(Saved entries)
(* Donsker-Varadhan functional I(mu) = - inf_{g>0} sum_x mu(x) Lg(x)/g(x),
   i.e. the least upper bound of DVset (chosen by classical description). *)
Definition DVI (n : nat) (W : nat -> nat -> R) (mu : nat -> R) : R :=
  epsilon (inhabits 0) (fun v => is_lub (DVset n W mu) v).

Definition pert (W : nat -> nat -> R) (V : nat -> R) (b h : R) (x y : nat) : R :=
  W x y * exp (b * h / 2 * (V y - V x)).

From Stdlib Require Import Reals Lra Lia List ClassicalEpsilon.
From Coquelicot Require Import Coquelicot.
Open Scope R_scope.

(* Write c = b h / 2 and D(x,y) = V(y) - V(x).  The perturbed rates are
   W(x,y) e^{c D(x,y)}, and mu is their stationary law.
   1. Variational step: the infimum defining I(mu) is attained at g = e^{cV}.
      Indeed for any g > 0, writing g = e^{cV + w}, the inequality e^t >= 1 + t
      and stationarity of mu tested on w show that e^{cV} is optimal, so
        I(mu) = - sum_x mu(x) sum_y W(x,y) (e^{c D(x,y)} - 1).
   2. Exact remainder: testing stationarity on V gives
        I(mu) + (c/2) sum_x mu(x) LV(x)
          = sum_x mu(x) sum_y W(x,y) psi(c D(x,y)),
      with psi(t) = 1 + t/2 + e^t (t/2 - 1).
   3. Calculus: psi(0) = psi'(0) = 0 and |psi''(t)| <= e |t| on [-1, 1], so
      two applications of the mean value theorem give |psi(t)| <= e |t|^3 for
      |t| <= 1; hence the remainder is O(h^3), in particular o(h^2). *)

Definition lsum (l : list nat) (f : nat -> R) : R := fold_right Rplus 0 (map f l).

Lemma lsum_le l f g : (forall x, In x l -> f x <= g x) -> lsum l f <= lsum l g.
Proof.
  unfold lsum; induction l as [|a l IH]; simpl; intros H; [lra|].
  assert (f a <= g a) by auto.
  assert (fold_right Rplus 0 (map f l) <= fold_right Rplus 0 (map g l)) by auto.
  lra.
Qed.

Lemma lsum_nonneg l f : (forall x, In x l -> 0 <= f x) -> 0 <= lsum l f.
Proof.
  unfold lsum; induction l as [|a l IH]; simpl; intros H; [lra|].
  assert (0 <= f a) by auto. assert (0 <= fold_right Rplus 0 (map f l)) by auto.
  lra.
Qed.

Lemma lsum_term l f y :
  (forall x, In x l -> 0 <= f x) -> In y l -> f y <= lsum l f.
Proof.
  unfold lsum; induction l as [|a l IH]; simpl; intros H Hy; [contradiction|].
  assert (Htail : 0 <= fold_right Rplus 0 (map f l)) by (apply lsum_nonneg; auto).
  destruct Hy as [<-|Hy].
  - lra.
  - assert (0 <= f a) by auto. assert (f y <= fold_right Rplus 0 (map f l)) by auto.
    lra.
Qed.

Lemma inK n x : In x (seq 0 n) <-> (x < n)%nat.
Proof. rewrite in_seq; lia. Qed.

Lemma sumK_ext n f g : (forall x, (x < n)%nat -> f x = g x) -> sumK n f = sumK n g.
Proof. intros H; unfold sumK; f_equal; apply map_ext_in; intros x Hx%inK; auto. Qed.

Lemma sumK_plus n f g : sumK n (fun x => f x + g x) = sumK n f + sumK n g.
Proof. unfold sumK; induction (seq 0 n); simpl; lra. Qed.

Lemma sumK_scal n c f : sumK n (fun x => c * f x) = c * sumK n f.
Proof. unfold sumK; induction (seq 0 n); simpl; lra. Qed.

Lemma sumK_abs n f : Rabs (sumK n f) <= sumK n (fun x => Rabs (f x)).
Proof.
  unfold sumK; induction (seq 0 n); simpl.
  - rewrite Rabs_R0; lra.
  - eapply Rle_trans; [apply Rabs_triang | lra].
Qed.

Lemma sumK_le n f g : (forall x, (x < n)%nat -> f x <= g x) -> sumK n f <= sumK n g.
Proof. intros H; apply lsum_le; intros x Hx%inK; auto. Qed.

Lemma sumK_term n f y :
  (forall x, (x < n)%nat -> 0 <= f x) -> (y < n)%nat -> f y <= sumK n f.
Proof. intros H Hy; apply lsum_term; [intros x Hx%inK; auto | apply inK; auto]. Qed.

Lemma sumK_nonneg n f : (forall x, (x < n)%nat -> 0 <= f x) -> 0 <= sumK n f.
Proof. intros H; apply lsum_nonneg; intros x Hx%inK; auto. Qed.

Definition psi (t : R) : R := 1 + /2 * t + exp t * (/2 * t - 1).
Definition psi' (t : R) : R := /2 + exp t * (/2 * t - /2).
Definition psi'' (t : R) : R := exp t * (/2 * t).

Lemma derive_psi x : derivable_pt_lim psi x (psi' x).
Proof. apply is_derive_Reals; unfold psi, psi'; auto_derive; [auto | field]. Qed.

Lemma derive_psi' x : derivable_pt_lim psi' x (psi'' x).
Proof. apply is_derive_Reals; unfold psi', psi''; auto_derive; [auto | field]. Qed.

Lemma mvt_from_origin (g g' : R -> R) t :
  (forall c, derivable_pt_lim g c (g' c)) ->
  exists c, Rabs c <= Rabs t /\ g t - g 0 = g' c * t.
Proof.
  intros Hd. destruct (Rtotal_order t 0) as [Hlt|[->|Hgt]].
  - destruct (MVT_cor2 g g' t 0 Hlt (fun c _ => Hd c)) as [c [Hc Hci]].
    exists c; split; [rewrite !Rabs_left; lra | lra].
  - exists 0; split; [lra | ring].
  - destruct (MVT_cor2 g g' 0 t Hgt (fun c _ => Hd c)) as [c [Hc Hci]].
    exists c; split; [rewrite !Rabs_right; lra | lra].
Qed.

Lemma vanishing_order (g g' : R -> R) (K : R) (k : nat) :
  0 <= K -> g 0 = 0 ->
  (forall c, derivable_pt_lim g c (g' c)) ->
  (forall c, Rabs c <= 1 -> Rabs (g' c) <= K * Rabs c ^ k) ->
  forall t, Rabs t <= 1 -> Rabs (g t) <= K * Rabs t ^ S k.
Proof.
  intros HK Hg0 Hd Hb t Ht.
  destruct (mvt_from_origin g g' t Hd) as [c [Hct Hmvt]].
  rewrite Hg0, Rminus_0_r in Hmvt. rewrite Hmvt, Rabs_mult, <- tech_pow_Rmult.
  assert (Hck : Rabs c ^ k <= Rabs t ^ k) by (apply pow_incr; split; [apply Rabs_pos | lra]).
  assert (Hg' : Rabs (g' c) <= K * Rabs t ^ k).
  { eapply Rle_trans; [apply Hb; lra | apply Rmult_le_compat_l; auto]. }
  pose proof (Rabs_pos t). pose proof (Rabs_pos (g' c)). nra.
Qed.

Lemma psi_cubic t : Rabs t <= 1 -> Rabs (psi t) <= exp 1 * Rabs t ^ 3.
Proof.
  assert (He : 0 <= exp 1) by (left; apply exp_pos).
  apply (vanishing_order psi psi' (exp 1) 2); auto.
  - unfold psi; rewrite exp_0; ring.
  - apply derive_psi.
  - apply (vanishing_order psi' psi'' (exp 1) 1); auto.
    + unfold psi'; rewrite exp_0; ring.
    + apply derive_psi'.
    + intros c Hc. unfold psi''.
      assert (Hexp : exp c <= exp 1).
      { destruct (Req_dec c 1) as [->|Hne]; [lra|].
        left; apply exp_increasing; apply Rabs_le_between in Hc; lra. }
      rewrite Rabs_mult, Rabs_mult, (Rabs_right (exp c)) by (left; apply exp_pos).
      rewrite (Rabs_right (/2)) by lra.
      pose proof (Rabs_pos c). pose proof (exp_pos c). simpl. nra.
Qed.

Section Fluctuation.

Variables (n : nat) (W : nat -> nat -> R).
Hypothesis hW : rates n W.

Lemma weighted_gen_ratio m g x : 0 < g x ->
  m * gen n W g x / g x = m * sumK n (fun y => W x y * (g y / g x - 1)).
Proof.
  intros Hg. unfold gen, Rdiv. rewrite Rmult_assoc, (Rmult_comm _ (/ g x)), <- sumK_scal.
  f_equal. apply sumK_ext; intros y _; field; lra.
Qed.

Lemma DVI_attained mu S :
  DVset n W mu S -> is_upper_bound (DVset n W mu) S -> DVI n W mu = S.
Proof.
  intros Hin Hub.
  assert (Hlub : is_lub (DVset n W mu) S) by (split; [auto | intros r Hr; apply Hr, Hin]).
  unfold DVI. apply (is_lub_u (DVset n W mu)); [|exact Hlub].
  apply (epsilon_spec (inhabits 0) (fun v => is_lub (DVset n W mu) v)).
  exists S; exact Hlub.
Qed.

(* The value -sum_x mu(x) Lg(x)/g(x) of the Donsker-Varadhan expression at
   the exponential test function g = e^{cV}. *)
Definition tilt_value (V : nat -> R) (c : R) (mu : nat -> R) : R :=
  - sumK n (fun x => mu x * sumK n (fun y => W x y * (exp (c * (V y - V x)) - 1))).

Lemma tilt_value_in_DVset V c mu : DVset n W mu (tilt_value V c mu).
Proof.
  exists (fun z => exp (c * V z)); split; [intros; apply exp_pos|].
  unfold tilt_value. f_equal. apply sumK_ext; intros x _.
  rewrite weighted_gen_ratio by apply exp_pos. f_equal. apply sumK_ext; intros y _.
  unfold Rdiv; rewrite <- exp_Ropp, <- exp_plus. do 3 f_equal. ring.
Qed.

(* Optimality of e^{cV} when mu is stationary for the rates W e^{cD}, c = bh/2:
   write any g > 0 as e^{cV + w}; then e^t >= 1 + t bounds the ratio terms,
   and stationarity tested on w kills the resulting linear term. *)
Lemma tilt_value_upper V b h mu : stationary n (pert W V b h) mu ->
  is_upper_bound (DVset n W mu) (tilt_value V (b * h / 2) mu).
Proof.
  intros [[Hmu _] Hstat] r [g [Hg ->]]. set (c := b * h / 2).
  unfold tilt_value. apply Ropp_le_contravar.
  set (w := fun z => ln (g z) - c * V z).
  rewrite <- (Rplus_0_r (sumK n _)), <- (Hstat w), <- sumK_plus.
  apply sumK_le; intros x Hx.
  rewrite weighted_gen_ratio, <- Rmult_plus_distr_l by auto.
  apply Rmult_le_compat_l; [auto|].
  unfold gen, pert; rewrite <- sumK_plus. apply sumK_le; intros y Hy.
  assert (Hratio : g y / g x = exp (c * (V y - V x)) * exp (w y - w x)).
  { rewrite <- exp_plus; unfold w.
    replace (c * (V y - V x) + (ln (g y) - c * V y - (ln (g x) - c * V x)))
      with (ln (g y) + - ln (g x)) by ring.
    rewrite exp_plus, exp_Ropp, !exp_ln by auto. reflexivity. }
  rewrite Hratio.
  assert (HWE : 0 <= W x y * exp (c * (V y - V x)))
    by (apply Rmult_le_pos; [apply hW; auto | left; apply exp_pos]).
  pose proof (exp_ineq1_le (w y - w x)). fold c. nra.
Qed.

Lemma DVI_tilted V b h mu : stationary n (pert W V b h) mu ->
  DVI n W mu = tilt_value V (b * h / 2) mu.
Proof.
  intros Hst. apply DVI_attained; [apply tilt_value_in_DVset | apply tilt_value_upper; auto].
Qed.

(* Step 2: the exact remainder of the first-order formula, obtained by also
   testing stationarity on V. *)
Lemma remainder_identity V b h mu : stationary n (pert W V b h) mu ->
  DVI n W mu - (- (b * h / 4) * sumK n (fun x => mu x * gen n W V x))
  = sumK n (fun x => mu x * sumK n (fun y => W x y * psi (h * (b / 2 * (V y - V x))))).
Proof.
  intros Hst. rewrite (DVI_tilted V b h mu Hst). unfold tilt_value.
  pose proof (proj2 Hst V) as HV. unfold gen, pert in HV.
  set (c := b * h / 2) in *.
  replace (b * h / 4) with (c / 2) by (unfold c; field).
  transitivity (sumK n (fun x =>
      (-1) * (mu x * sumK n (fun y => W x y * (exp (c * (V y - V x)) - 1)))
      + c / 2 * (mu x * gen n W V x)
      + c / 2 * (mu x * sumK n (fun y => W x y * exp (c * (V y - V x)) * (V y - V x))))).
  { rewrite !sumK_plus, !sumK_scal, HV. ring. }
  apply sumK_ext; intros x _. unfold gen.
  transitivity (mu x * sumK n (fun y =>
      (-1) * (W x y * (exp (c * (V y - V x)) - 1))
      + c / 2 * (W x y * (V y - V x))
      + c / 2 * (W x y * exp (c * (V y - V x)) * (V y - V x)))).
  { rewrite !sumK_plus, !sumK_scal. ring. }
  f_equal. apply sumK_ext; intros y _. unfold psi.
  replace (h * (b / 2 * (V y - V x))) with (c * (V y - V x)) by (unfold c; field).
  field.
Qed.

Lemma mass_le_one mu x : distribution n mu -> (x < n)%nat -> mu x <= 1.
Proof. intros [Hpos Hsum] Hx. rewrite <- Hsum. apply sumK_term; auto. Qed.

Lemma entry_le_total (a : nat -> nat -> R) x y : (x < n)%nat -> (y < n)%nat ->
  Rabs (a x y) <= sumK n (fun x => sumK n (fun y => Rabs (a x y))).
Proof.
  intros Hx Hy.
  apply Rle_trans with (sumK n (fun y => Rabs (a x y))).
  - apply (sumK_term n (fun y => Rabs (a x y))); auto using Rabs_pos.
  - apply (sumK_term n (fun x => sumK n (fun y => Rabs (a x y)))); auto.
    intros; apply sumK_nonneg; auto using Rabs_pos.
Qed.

WORK INSTRUCTION
Go through the data and show each line that holds "assert".

TASK RESPONSE
  assert (f a <= g a) by auto.
  assert (fold_right Rplus 0 (map f l) <= fold_right Rplus 0 (map g l)) by auto.
  assert (0 <= f a) by auto. assert (0 <= fold_right Rplus 0 (map f l)) by auto.
  assert (Htail : 0 <= fold_right Rplus 0 (map f l)) by (apply lsum_nonneg; auto).
  - assert (0 <= f a) by auto. assert (f y <= fold_right Rplus 0 (map f l)) by auto.
  assert (Hck : Rabs c ^ k <= Rabs t ^ k) by (apply pow_incr; split; [apply Rabs_pos | lra]).
  assert (Hg' : Rabs (g' c) <= K * Rabs t ^ k).
  assert (He : 0 <= exp 1) by (left; apply exp_pos).
      assert (Hexp : exp c <= exp 1).
  assert (Hlub : is_lub (DVset n W mu) S) by (split; [auto | intros r Hr; apply Hr, Hin]).
  assert (Hratio : g y / g x = exp (c * (V y - V x)) * exp (w y - w x)).
  assert (HWE : 0 <= W x y * exp (c * (V y - V x)))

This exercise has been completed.